* Task to complete: Restate word for word the lines of the records below, starting at the line that contains "Implicit Types x y z t k : R." and ending at the line that contains "Lemma comaximalDr x", with both of those lines included and nothing else.

Dataset entries
+ + + + +

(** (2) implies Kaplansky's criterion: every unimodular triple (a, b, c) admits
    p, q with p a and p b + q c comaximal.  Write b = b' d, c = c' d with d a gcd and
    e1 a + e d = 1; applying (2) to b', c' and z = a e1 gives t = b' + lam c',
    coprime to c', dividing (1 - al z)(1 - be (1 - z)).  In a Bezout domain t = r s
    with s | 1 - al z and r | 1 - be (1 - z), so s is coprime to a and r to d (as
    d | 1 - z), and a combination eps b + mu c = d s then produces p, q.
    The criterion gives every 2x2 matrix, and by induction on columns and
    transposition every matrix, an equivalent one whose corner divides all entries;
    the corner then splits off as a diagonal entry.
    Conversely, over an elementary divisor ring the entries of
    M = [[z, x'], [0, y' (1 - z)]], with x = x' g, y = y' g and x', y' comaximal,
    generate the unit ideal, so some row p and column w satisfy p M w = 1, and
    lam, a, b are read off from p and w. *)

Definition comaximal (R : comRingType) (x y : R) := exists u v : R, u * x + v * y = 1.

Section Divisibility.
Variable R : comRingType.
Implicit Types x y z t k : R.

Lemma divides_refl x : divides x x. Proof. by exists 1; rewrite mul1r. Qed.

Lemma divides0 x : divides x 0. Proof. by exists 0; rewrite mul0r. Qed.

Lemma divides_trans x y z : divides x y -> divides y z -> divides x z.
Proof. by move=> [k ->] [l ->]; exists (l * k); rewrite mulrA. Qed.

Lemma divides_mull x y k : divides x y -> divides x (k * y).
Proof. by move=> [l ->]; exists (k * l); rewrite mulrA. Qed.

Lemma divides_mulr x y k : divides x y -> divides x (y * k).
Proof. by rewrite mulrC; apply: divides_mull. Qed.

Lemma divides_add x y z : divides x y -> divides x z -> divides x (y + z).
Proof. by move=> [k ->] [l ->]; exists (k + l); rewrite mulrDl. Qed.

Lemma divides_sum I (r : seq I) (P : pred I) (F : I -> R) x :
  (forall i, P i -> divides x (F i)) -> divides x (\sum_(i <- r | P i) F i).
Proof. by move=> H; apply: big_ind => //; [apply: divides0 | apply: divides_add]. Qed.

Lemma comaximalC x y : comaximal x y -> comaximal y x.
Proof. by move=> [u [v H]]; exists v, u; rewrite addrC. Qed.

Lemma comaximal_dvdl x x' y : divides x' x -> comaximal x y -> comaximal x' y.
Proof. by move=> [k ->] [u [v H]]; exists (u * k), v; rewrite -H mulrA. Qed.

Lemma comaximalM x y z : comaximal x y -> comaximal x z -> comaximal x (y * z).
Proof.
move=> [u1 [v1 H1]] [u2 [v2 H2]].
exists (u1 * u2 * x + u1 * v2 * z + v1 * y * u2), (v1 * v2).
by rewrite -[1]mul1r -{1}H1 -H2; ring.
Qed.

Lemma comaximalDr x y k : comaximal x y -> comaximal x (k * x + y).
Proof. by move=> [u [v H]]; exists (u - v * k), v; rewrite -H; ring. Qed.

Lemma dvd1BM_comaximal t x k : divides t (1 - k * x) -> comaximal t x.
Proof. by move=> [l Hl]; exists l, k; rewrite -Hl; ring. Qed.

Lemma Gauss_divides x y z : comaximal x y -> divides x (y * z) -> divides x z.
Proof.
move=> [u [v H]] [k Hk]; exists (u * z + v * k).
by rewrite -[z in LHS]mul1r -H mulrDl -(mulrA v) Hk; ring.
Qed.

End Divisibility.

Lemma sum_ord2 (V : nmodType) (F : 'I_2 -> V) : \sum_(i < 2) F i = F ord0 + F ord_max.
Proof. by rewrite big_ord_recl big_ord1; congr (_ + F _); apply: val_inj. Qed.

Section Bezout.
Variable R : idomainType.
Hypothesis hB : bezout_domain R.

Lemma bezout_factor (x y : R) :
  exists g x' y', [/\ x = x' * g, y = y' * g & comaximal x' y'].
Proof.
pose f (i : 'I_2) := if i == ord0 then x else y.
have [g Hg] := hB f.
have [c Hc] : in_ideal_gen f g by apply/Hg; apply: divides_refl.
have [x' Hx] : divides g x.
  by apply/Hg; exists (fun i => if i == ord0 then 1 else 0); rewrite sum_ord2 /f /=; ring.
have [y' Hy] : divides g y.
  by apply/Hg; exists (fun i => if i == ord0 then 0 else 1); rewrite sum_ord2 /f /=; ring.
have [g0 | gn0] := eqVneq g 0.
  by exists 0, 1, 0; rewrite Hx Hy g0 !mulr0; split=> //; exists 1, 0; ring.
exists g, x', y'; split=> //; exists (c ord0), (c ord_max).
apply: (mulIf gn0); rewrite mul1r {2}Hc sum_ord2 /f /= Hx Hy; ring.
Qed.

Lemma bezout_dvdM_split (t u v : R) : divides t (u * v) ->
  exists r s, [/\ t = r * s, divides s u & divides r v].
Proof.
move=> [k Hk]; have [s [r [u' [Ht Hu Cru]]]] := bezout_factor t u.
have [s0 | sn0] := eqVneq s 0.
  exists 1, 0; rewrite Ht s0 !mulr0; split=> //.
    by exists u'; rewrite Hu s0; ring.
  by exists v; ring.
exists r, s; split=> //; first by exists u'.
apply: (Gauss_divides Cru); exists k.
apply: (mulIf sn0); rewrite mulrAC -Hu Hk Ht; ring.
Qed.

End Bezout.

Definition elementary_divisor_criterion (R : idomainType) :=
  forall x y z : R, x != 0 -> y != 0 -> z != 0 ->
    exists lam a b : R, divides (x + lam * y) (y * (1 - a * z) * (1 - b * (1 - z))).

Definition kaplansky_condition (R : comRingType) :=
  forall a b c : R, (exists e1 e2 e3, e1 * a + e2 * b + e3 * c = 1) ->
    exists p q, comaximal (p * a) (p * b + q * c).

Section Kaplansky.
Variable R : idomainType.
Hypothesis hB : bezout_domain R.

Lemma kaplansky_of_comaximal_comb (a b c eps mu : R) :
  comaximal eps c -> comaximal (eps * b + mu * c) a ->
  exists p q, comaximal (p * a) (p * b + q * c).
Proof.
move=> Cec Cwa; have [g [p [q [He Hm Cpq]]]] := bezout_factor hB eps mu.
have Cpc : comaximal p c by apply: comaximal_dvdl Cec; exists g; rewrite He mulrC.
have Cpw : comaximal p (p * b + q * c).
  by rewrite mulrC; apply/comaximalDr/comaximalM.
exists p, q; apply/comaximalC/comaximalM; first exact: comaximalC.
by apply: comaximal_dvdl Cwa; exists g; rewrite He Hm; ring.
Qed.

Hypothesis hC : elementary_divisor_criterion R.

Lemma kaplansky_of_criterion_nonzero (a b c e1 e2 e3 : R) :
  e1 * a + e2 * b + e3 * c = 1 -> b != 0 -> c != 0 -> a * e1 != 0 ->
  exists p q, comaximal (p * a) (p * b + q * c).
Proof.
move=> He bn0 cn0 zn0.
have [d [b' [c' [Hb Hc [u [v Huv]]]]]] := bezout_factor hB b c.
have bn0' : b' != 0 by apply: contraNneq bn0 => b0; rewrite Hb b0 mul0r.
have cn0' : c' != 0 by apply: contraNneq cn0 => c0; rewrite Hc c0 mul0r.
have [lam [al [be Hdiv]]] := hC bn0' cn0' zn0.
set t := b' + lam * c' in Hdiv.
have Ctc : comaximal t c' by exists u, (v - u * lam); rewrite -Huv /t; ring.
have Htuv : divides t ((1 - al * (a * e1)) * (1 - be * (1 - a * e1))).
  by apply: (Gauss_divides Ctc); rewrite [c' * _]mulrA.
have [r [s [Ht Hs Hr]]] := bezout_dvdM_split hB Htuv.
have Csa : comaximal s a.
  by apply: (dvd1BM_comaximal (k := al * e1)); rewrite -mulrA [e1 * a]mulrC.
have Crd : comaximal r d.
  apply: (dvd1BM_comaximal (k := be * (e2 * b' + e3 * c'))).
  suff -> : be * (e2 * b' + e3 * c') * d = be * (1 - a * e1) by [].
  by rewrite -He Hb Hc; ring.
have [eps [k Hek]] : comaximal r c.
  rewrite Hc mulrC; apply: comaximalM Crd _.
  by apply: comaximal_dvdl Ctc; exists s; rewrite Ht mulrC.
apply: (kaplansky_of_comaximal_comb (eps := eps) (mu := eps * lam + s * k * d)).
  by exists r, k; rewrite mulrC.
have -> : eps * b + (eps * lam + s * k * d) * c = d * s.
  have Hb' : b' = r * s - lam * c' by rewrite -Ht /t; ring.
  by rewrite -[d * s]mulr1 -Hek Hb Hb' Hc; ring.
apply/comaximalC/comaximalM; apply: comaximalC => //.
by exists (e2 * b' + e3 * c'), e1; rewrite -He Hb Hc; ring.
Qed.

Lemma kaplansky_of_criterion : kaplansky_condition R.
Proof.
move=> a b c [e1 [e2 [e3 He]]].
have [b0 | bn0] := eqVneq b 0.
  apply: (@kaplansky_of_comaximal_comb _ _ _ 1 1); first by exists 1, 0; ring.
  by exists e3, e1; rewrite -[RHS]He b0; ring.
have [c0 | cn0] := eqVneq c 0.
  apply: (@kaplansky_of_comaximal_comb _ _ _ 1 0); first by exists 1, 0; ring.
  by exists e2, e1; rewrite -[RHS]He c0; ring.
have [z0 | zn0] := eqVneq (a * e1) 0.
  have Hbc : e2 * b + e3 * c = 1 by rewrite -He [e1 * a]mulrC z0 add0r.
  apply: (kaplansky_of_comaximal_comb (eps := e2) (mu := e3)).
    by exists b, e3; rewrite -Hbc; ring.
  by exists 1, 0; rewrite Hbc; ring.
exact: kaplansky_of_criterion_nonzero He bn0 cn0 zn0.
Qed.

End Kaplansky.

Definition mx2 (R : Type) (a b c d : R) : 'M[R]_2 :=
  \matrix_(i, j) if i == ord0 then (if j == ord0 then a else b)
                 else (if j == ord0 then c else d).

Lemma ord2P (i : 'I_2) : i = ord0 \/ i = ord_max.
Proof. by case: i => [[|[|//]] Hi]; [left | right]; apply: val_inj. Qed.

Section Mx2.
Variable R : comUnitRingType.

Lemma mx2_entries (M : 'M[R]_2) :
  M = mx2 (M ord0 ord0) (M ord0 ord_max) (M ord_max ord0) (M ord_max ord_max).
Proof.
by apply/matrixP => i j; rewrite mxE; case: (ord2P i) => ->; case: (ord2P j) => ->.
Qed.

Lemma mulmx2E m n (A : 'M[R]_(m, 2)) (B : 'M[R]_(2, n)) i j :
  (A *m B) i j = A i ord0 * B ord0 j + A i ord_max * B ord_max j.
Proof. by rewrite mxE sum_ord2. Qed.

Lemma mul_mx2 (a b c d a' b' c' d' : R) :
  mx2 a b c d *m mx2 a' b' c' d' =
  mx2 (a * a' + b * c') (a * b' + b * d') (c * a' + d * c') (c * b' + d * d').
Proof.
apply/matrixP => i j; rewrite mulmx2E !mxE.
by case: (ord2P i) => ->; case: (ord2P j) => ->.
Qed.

+ + + + +

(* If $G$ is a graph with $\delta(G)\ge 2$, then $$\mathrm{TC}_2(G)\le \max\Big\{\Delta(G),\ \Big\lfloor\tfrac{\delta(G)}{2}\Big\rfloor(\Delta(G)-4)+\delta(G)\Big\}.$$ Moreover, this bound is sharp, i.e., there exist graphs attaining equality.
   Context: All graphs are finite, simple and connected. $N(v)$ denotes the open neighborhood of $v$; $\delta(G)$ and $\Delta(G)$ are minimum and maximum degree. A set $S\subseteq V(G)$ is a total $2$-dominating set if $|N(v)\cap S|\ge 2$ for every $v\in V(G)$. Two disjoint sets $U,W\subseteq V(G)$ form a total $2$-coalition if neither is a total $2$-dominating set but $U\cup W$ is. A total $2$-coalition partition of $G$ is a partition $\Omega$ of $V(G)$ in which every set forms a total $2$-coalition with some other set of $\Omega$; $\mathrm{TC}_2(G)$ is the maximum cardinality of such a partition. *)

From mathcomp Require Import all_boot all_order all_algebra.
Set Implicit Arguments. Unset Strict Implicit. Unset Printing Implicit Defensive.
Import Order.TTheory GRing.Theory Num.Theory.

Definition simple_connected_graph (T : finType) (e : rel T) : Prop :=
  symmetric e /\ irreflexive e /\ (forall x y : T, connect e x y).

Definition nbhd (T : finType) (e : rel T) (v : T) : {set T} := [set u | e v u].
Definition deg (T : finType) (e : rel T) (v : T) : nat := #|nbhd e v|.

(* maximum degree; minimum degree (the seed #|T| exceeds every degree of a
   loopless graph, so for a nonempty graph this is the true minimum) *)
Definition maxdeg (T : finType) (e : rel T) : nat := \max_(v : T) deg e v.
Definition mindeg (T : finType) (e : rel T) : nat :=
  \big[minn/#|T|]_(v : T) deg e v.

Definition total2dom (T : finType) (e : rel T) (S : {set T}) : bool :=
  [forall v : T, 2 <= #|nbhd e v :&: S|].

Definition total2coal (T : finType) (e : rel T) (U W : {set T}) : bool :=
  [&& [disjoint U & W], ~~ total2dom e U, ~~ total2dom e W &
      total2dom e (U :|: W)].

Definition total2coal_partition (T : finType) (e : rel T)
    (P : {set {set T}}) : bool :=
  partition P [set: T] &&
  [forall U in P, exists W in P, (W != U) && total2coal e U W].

+ + + + +

* Task solution:
Implicit Types x y z t k : R.

Lemma divides_refl x : divides x x. Proof. by exists 1; rewrite mul1r. Qed.

Lemma divides0 x : divides x 0. Proof. by exists 0; rewrite mul0r. Qed.

Lemma divides_trans x y z : divides x y -> divides y z -> divides x z.
Proof. by move=> [k ->] [l ->]; exists (l * k); rewrite mulrA. Qed.

Lemma divides_mull x y k : divides x y -> divides x (k * y).
Proof. by move=> [l ->]; exists (k * l); rewrite mulrA. Qed.

Lemma divides_mulr x y k : divides x y -> divides x (y * k).
Proof. by rewrite mulrC; apply: divides_mull. Qed.

Lemma divides_add x y z : divides x y -> divides x z -> divides x (y + z).
Proof. by move=> [k ->] [l ->]; exists (k + l); rewrite mulrDl. Qed.

Lemma divides_sum I (r : seq I) (P : pred I) (F : I -> R) x :
  (forall i, P i -> divides x (F i)) -> divides x (\sum_(i <- r | P i) F i).
Proof. by move=> H; apply: big_ind => //; [apply: divides0 | apply: divides_add]. Qed.

Lemma comaximalC x y : comaximal x y -> comaximal y x.
Proof. by move=> [u [v H]]; exists v, u; rewrite addrC. Qed.

Lemma comaximal_dvdl x x' y : divides x' x -> comaximal x y -> comaximal x' y.
Proof. by move=> [k ->] [u [v H]]; exists (u * k), v; rewrite -H mulrA. Qed.

Lemma comaximalM x y z : comaximal x y -> comaximal x z -> comaximal x (y * z).
Proof.
move=> [u1 [v1 H1]] [u2 [v2 H2]].
exists (u1 * u2 * x + u1 * v2 * z + v1 * y * u2), (v1 * v2).
by rewrite -[1]mul1r -{1}H1 -H2; ring.
Qed.

Lemma comaximalDr x y k : comaximal x y -> comaximal x (k * x + y).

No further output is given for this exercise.